While our experiments showed no improvement from the implemented form of entity linking, you can use it for the TWITTER-1# datasets by following these instructions (we install their package using pip in setup.py, aka the above commands) and enabling it when running the scripts.


Using VAuLT

from vault.models.vault import VaultModel, VaultProcessor
import requests
from PIL import Image

vilt_model_name_or_path = "dandelin/vilt-b32-mlm"
bert_model_name_or_path = "vinai/bertweet-base"

processor = VaultProcessor.from_pretrained(
    vilt_model_name_or_path, bert_model_name_or_path
)
model = VaultModel.from_pretrained(vilt_model_name_or_path, bert_model_name_or_path)

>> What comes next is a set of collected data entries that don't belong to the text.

Lemma lyap_gradient : has_gradient V gradV.
Proof. by case: V_lyap => [[]]. Qed.

Lemma lyap_nonneg y : 0 <= V y.
Proof. by case: V_lyap => _ []. Qed.

Lemma lyap_zero : V vzero = 0.
Proof. by case: V_lyap => _ [_ [[]]]. Qed.

Lemma lyap_compact M : Defs.compact (fun y => V y <= M).
Proof. by case: V_lyap => _ [_ [_ []]]. Qed.

Lemma decay_cont : cont_scalar (fun y => - dot (gradV y) (f y)).
Proof.
case: V_lyap => [[_ gV_cont] _] y eps /(cont_dot gV_cont (lipschitz_continuous f_lip) y).
move=> [d [d_pos dd]]; exists d; split=> // z /dd.
by rewrite -Rabs_Ropp; congr (Rabs _ < _); ring.
Qed.

Lemma decay_zero : - dot (gradV vzero) (f vzero) = 0.
Proof. by rewrite f_zero dot_zero_r; ring. Qed.

Lemma decay_pos y : y <> vzero -> 0 < - dot (gradV y) (f y).
Proof. by case: V_lyap => _ [_ [_ [_ V_decr]]] /V_decr; lra. Qed.

Lemma decay_nonneg y : 0 <= - dot (gradV y) (f y).
Proof.
by case: (classic (y = vzero)) => [->|/decay_pos]; [rewrite decay_zero|]; lra.
Qed.

Lemma lyap_nonincreasing y : dot (gradV y) (f y) <= 0.
Proof. by have := decay_nonneg y; lra. Qed.

Lemma decay_lipschitz_minorant :
  exists W : vec n -> R,
    locally_lipschitz_scalar W /\ positive_definite W /\ (forall x, 0 <= W x) /\
    forall x, W x <= - dot (gradV x) (f x).
Proof. exact: lipschitz_minorant decay_cont decay_nonneg decay_zero decay_pos. Qed.
(* For $n\ge 2$ let $G_n$ be the intersection graph of the $\binom{n}{2}$ closed intervals $[i,j]$, $1\le i<j\le n$ (two intervals adjacent iff they intersect). If $G_n$ is the union of $t$ comparability subgraphs $H_1,\dots,H_t$ (i.e. $E(G_n)=\bigcup_{i=1}^t E(H_i)$), then $t\ge \frac12\log\log n$, where logarithms are base $2$.
   Context: A comparability graph is a graph admitting a transitive orientation (equivalently, the comparability graph of a partial order). *)

From mathcomp Require Import all_boot.
From Stdlib Require Import Reals.

Set Implicit Arguments.
Unset Strict Implicit.
Unset Printing Implicit Defensive.

(* Vertices of G_n: pairs (i, j) of points of {0, ..., n-1} with i < j,
   standing for the closed interval [i+1, j+1] (0-based shift of [1..n]). *)
Definition ivl (n : nat) := {p : 'I_n * 'I_n | p.1 < p.2}.

Definition intersect n (u v : ivl n) : bool :=
  ((val u).1 <= (val v).2) && ((val v).1 <= (val u).2).

Definition Gn n : rel (ivl n) := fun u v => (u != v) && intersect u v.

Definition simple_graph (T : finType) (e : rel T) : Prop :=
  (forall x y, e x y = e y x) /\ (forall x, ~~ e x x).

Definition transitive_orientation (T : finType) (e : rel T) (o : rel T) : Prop :=
  [/\ (forall x y, o x y -> e x y),
      (forall x y, e x y -> o x y || o y x),
      (forall x y, ~~ (o x y && o y x)) &
      (forall x y z, o x y -> o y z -> o x z)].

Definition comparability_graph (T : finType) (e : rel T) : Prop :=
  simple_graph e /\ exists o, transitive_orientation e o.

Definition log2 (x : R) : R := (ln x / ln 2)%R.

From mathcomp Require Import all_boot.
From Stdlib Require Import Reals Lra.

Set Implicit Arguments.
Unset Strict Implicit.
Unset Printing Implicit Defensive.

(* For a < b < c the intervals [a,b] and [b,c] meet, while [a,b] and [c,d] are
   disjoint when b < c.  Color the triple a < b < c by a pair (i, s): an index
   i with [a,b][b,c] in H_i, and the direction s of this edge in a transitive
   orientation of H_i.  Since a transitive orientation orients no induced path
   u - v - w as u -> v -> w or w -> v -> u, the consecutive triples (a,b,c) and
   (b,c,d) never share a color.  Such a coloring of the triples with 2t
   colors forces n <= 2^2^(2t): the map sending a to the family of the sets
   S_ab = {colors of the triples (a,b,c)}, for b > a, is injective. *)

Lemma card_set_type (T : finType) : #|{set T}| = expn 2 #|T|.
Proof.
rewrite -cardsT -card_powerset; apply: eq_card => A.
by rewrite powersetE subsetT inE.
Qed.

Section ShiftGraphColoring.

Variables (C : finType) (n : nat) (col : 'I_n -> 'I_n -> 'I_n -> pred C).

Hypothesis col_total : forall a b c : 'I_n, a < b -> b < c -> exists x, col a b c x.
Hypothesis col_proper : forall (a b c d : 'I_n) x,
  a < b -> b < c -> c < d -> col a b c x -> ~~ col b c d x.

Let succ_colors (a b : 'I_n) : {set C} :=
  [set x | [exists c : 'I_n, (b < c) && col a b c x]].

Let color_family (a : 'I_n) : {set {set C}} :=
  [set succ_colors a b | b in [pred b : 'I_n | a < b]].

Lemma color_family_lt_neq (a b : 'I_n) : a < b -> color_family a != color_family b.
Proof.
move=> ab; apply/negP => /eqP Efam.
have : succ_colors a b \in color_family b by rewrite -Efam; apply/imsetP; exists b.
case/imsetP => c bc Esucc; rewrite inE /= in bc.
have [x abcx] := col_total ab bc.
have : x \in succ_colors a b by rewrite inE; apply/existsP; exists c; rewrite bc abcx.
rewrite Esucc inE => /existsP [d /andP [cd bcdx]].
by move: (col_proper ab bc cd abcx); rewrite bcdx.
Qed.

Lemma shift_coloring_bound : n <= expn 2 (expn 2 #|C|).
Proof.
have inj_family : injective color_family.
  move=> a b Efam; case: (ltngtP a b) => [ab|ba|/val_inj //].
  - by move: (color_family_lt_neq ab); rewrite Efam eqxx.
  - by move: (color_family_lt_neq ba); rewrite Efam eqxx.
by have := leq_card color_family inj_family; rewrite card_ord !card_set_type.
Qed.

End ShiftGraphColoring.

Lemma transitive_orientation_induced_path (T : finType) (e o : rel T) (u v w : T) :
  transitive_orientation e o -> e u v -> e v w -> ~~ e u w -> ~~ e w u ->
  o u v != o v w.
Proof.
case=> o_sub o_tot _ o_trans euv evw nuw nwu; apply/negP => /eqP Eo.
case ouv: (o u v) Eo => /esym ovw.
- by move: nuw; rewrite (o_sub _ _ (o_trans _ _ _ ouv ovw)).
- have ovu : o v u by move: (o_tot _ _ euv); rewrite ouv.
  have owv : o w v by move: (o_tot _ _ evw); rewrite ovw.
  by move: nwu; rewrite (o_sub _ _ (o_trans _ _ _ owv ovu)).
Qed.

Lemma Gn_sym n (u v : ivl n) : Gn u v = Gn v u.
Proof. by rewrite /Gn /intersect eq_sym; congr (_ && _); rewrite andbC. Qed.

Lemma Gn_consecutive n (u v : ivl n) : (val u).2 = (val v).1 -> Gn u v.
Proof.
case: u v => [[a b] ab] [[b' c] bc] /= Eb; subst b'.
rewrite /Gn /intersect /= (ltnW (ltn_trans ab bc)) leqnn !andbT.
apply/eqP => /(congr1 (fun w : ivl n => (val w).1)) /= Ea.
by move: ab; rewrite Ea ltnn.
Qed.

Lemma Gn_separated n (u v : ivl n) : (val u).2 < (val v).1 -> ~~ Gn u v.
Proof.
case: u v => [[a b] ab] [[c d] cd] /= bc.
by rewrite /Gn /intersect /= (leqNgt c b) bc !andbF.
Qed.

Lemma Gn_subgraph_orientation_flips n (e o : rel (ivl n)) (u v w : ivl n) :
  transitive_orientation e o -> (forall x y, e x y -> Gn x y) ->
  e u v -> e v w -> (val u).2 < (val w).1 -> o u v != o v w.
Proof.
move=> o_trans e_sub euv evw uw.
apply: transitive_orientation_induced_path o_trans euv evw _ _.
- exact: contraNN (e_sub u w) (Gn_separated uw).
- by apply: contraNN (e_sub w u) _; rewrite Gn_sym; apply: Gn_separated.
Qed.

Section Log2.

Local Open Scope R_scope.

Lemma ln2_gt0 : 0 < ln 2.
Proof. have := ln_lt_2; lra. Qed.

Lemma log2_le (x y : R) : 0 < x -> x <= y -> log2 x <= log2 y.
Proof.
move=> x_gt0 [xy|<-]; last exact: Rle_refl.
apply: Rmult_le_compat_r; first exact/Rlt_le/Rinv_0_lt_compat/ln2_gt0.
exact/Rlt_le/ln_increasing.
Qed.

Lemma log2_pow2 (k : nat) : log2 (2 ^ k) = INR k.
Proof. by rewrite /log2 ln_pow; [field; have := ln2_gt0; lra | lra]. Qed.

Lemma INR_expn2 (k : nat) : INR (expn 2 k) = 2 ^ k.
Proof. by elim: k => [|k IHk] //; rewrite expnS mult_INR IHk. Qed.

Lemma log2_log2_le (n N : nat) :
  (2 <= n)%nat -> (n <= expn 2 (expn 2 N))%nat -> log2 (log2 (INR n)) <= INR N.
Proof.
move=> n_ge2 n_le.
have n_ge2R : 2 <= INR n by have := le_INR 2 n (elimT leP n_ge2); rewrite /=; lra.
have log2n_ge1 : 1 <= log2 (INR n).
  have <- : log2 2 = 1 by rewrite /log2; field; have := ln2_gt0; lra.
  by apply: log2_le; lra.
have : log2 (INR n) <= 2 ^ N.
  rewrite -INR_expn2 -(log2_pow2 (expn 2 N)) -INR_expn2.
  by apply: log2_le; [lra | exact/le_INR/leP].
by move=> /log2_le -/(_ ltac:(lra)); rewrite log2_pow2.
Qed.

End Log2.

Theorem theorem7 (n t : nat) (H : 'I_t -> rel (ivl n)) :
  2 <= n ->
  (forall i, comparability_graph (H i)) ->
  (forall i u v, H i u v -> Gn u v) ->
  (forall u v, Gn u v -> exists i, H i u v) ->
  (/ 2 * log2 (log2 (INR n)) <= INR t)%R.
Proof.
move=> n_ge2 H_comp H_sub H_cover.
have [O O_trans] : exists O : 'I_t -> rel (ivl n),
    forall i, transitive_orientation (H i) (O i).
  apply: (@fin_all_exists _ (fun=> rel (ivl n)) (fun i => transitive_orientation (H i))).
  by move=> i; case: (H_comp i).
pose col (a b c : 'I_n) (x : 'I_t * bool) := [exists u : ivl n, exists v : ivl n,
  [&& val u == (a, b), val v == (b, c), H x.1 u v & O x.1 u v == x.2]].
have col_total (a b c : 'I_n) : a < b -> b < c -> exists x, col a b c x.
  move=> ab bc; pose u : ivl n := exist _ (a, b) ab; pose v : ivl n := exist _ (b, c) bc.
  have [i Hiuv] := H_cover u v (Gn_consecutive (erefl : (val u).2 = (val v).1)).
  by exists (i, O i u v); apply/existsP; exists u; apply/existsP; exists v; rewrite !eqxx Hiuv.
have col_proper (a b c d : 'I_n) x : a < b -> b < c -> c < d -> col a b c x -> ~~ col b c d x.
  move=> _ bc _ /existsP [u /existsP [v /and4P [/eqP Eu /eqP Ev Huv /eqP Ouv]]].
  apply/negP => /existsP [v' /existsP [w /and4P [/eqP Ev' /eqP Ew Hvw /eqP Ovw]]].
  have Evv : v' = v by apply: val_inj; rewrite Ev Ev'.
  subst v'; have uw : (val u).2 < (val w).1 by rewrite Eu Ew.
  move: (Gn_subgraph_orientation_flips (O_trans x.1) (H_sub x.1) Huv Hvw uw).
  by rewrite Ouv Ovw eqxx.
have := shift_coloring_bound col_total col_proper.
rewrite card_prod card_ord card_bool => /(log2_log2_le n_ge2).
rewrite mult_INR /=; lra.
Qed.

url = "http://images.cocodataset.org/val2017/000000039769.jpg"
image = Image.open(requests.get(url, stream=True).raw)
text = "a bunch of [MASK] laying on a [MASK]."

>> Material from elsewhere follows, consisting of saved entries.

Definition concat (n1 : nat) (p1 p2 : nat -> R) (i : nat) : R :=
  if Nat.leb i n1 then p1 i else p2 (i - n1)%nat.

Lemma concat_partition f F d a m b n1 n2 p1 p2 :
  fine_partition d a m n1 p1 -> fine_partition d m b n2 p2 ->
  fine_partition d a b (n1 + n2) (concat n1 p1 p2) /\
  RS_sum f F (concat n1 p1 p2) (concat n1 p1 p2) (n1 + n2) =
  RS_sum f F p1 p1 n1 + RS_sum f F p2 p2 n2.
Proof.
  intros [a1 [b1 c1]] [a2 [b2 c2]].
  assert (right_part : forall i, concat n1 p1 p2 (n1 + i)%nat = p2 i).
  { intros i. unfold concat. destruct (Nat.leb_spec (n1 + i) n1).
    - assert (i = 0%nat) by lia. subst. rewrite Nat.add_0_r. congruence.
    - f_equal. lia. }
  assert (left_part : forall i, (i <= n1)%nat -> concat n1 p1 p2 i = p1 i).
  { intros i hi. unfold concat. destruct (Nat.leb_spec i n1); [reflexivity|lia]. }
  split; [split; [|split]|].
  - rewrite left_part by lia. exact a1.
  - rewrite right_part. exact b2.
  - intros i hi. destruct (Nat.lt_ge_cases i n1) as [h|h].
    + rewrite !left_part by lia. apply c1; exact h.
    + replace i with (n1 + (i - n1))%nat by lia.
      rewrite <- Nat.add_succ_r, !right_part. apply c2. lia.
  - rewrite RS_sum_shift. f_equal.
    + apply RS_sum_ext; intros; apply left_part; lia.
    + apply RS_sum_ext; intros; apply right_part.
Qed.

Lemma RS_integral_additive f F a m b I1 I2 I : a <= m -> m <= b ->
  is_RS_integral f F a m I1 -> is_RS_integral f F m b I2 ->
  is_RS_integral f F a b I -> I = I1 + I2.
Proof.
  intros ham hmb H1 H2 H. apply cond_eq. intros eps he.
  destruct (RS_integral_approx _ _ _ _ _ (eps / 3) H1) as [d1 [hd1 K1]]; [lra|].
  destruct (RS_integral_approx _ _ _ _ _ (eps / 3) H2) as [d2 [hd2 K2]]; [lra|].
  destruct (RS_integral_approx _ _ _ _ _ (eps / 3) H) as [d [hd K]]; [lra|].
  set (e := Rmin d (Rmin d1 d2)).
  assert (he1 : e <= d) by apply Rmin_l.
  assert (he2 : e <= d1) by (eapply Rle_trans; [apply Rmin_r|apply Rmin_l]).
  assert (he3 : e <= d2) by (eapply Rle_trans; [apply Rmin_r|apply Rmin_r]).
  assert (hep : 0 < e) by (unfold e; repeat apply Rmin_glb_lt; assumption).
  destruct (uniform_partition a m e ham hep) as [n1 [p1 P1]].
  destruct (uniform_partition m b e hmb hep) as [n2 [p2 P2]].
  destruct (concat_partition f F e a m b n1 n2 p1 p2 P1 P2) as [P Hsum].
  specialize (K1 e n1 p1 he2 P1). specialize (K2 e n2 p2 he3 P2).
  specialize (K e _ _ he1 P). rewrite Hsum in K.
  revert K1 K2 K. unfold Rabs. repeat destruct Rcase_abs; lra.
Qed.

Lemma partition_monotone (p xi : nat -> R) n :
  (forall i, (i < n)%nat -> p i <= xi i <= p (S i)) ->
  forall i j, (i <= j)%nat -> (j <= n)%nat -> p i <= p j.
Proof.
  intros H i j hij. induction hij as [|j hij IH]; intros hj; [lra|].
  destruct (H j ltac:(lia)). specialize (IH ltac:(lia)). lra.
Qed.

Lemma RS_sum_telescope_bound (f F V U : R -> R) eps (p xi : nat -> R) n :
  (forall i, (i < n)%nat ->
     Rabs (f (xi i) * (F (p (S i)) - F (p i)) - (V (p (S i)) - V (p i)))
       <= eps * (U (p (S i)) - U (p i))) ->
  Rabs (RS_sum f F p xi n - (V (p n) - V (p 0%nat)))
    <= eps * (U (p n) - U (p 0%nat)).
Proof.
  induction n as [|n IH]; intros Hstep; simpl.
  - replace (0 - (V (p 0%nat) - V (p 0%nat))) with 0 by ring.
    rewrite Rabs_R0. lra.
  - assert (Hprev := IH (fun i hi => Hstep i ltac:(lia))).
    assert (Hlast := Hstep n ltac:(lia)).
    set (T := f (xi n) * (F (p (S n)) - F (p n))) in *.
    replace (RS_sum f F p xi n + T - (V (p (S n)) - V (p 0%nat))) with
      ((RS_sum f F p xi n - (V (p n) - V (p 0%nat))) + (T - (V (p (S n)) - V (p n))))
      by ring.
    eapply Rle_trans; [apply Rabs_triang|]. lra.
Qed.

Lemma RS_integral_of_local_estimate (f F V U : R -> R) a b :
  U a <= U b ->
  (forall eps, 0 < eps -> exists delta, 0 < delta /\
     forall x xi y, a <= x -> x <= xi -> xi <= y -> y <= b -> y - x < delta ->
       Rabs (f xi * (F y - F x) - (V y - V x)) <= eps * (U y - U x)) ->
  is_RS_integral f F a b (V b - V a).
Proof.
  intros HU Hloc eps he.
  set (eps' := eps / (U b - U a + 1)).
  assert (he' : 0 < eps') by (apply Rdiv_lt_0_compat; lra).
  destruct (Hloc eps' he') as [delta [hd Hd]].
  exists delta. split; [exact hd|].
  intros n p xi hp0 hpn Hpx.
  assert (Htag : forall i, (i < n)%nat -> p i <= xi i <= p (S i))
    by (intros i hi; apply Hpx; exact hi).
  assert (Hrange : forall i, (i <= n)%nat -> a <= p i <= b).
  { intros i hi. rewrite <- hp0, <- hpn.
    split; apply (partition_monotone p xi n Htag); lia. }
  assert (Hsum := RS_sum_telescope_bound f F V U eps' p xi n).
  rewrite hp0, hpn in Hsum.
  eapply Rle_lt_trans; [apply Hsum|].
  - intros i hi. destruct (Hpx i hi) as [[h1 h2] h3].
    apply Hd; try lra; [apply (Hrange i)|apply (Hrange (S i))]; lia.
  - unfold eps'.
    replace (eps / (U b - U a + 1) * (U b - U a))
      with (eps * ((U b - U a) / (U b - U a + 1))) by (field; lra).
    assert ((U b - U a) / (U b - U a + 1) < 1)
      by (apply Rmult_lt_reg_r with (U b - U a + 1); [lra|];
          unfold Rdiv; rewrite Rmult_assoc, Rinv_l; lra).
    nra.
Qed.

encoding = processor(image, text, return_tensors="pt")
outputs = model(**encoding)
outputs.keys()  # odict_keys(['last_hidden_state', 'pooler_output'])

Datasets

TWITTER-1#

Follow the instructions here. We expect the final structure of the dataset to be:

/data/twitter-tmsc/
├──twitter2015
│  ├── dev.tsv
│  ├── dev.txt
│  ├── test.tsv
│  ├── test.txt
│  ├── train.tsv
│  └── train.txt
├──twitter2015_images
│  ├── 996.jpg
│  ├── 997.jpg
│  ├── 998.jpg
│  ├── ...
│  └── 123456789.jpg
├──twitter
│  ├── dev.tsv
.  .
.  .
.  .

but the dataset configuration is configurable within the code (not the given scripts).

MVSA

Find the links here. We expect the final structure of the dataset to be:

/data/mvsa/
├── MVSA
│   ├── corrupt_ids.txt
│   ├── data
│   │   ├── 10000.jpg
│   │   ├── 10000.txt
│   │   ├── 10001.jpg
│   │   ├── 10001.txt
│   │   ├── 10002.jpg
│   │   ├── 10002.txt
│   │   ├── ...
│   │   └── 9998.txt
│   └── labelResultAll.txt
└── MVSA_Single
    ├── data
    │   ├── 1000.jpg
    │   ├── 1000.txt
    │   ├── 1001.jpg
    │   ├── 1001.txt
    │   ├── 1002.jpg
    │   ├── 1002.txt
    │   ├── ...
    │   └── 9.txt
    └──  labelResultAll.txt

where corrupt_ids.txt contains 3151, 3910 and 5995 in separate lines.

Bloomberg

Download annotations and text here and the images here (based on this). We expect the final structure of the dataset to be:

/data/bloomberg-twitter-text-image/
├── bloomberg-textimage.csv
└── Twitter_images
    ├── T1011681837276639236.jpg
    ├── T1011685052982415360.jpg
    ├── T1011695871761833987.jpg
    ├── T1011697874470653952.jpg
    ├── T1011698048647360512.jpg
    ├── T1011699257290739713.jpg
    ├── T1011700728883220482.jpg
    ├── ...

Running the scripts

To replicate all existing results, run:

chmod +x /scripts/*

./scripts/test-results.sh -t /data/twitter-tmsc -b /data/bloomberg-twitter-text-image -m /data/mvsa -c 0 -r 5

./scripts/frozen-lms.sh -t /data/twitter-tmsc -b /data/bloomberg-twitter-text-image -c 0 -r 5

./scripts/toms.sh -t /data/twitter-tmsc -c 0 -r 5

The dataset directories are given based on the directory structures above, and you can change the device (-c) or the number of repetitions (-r) to your liking.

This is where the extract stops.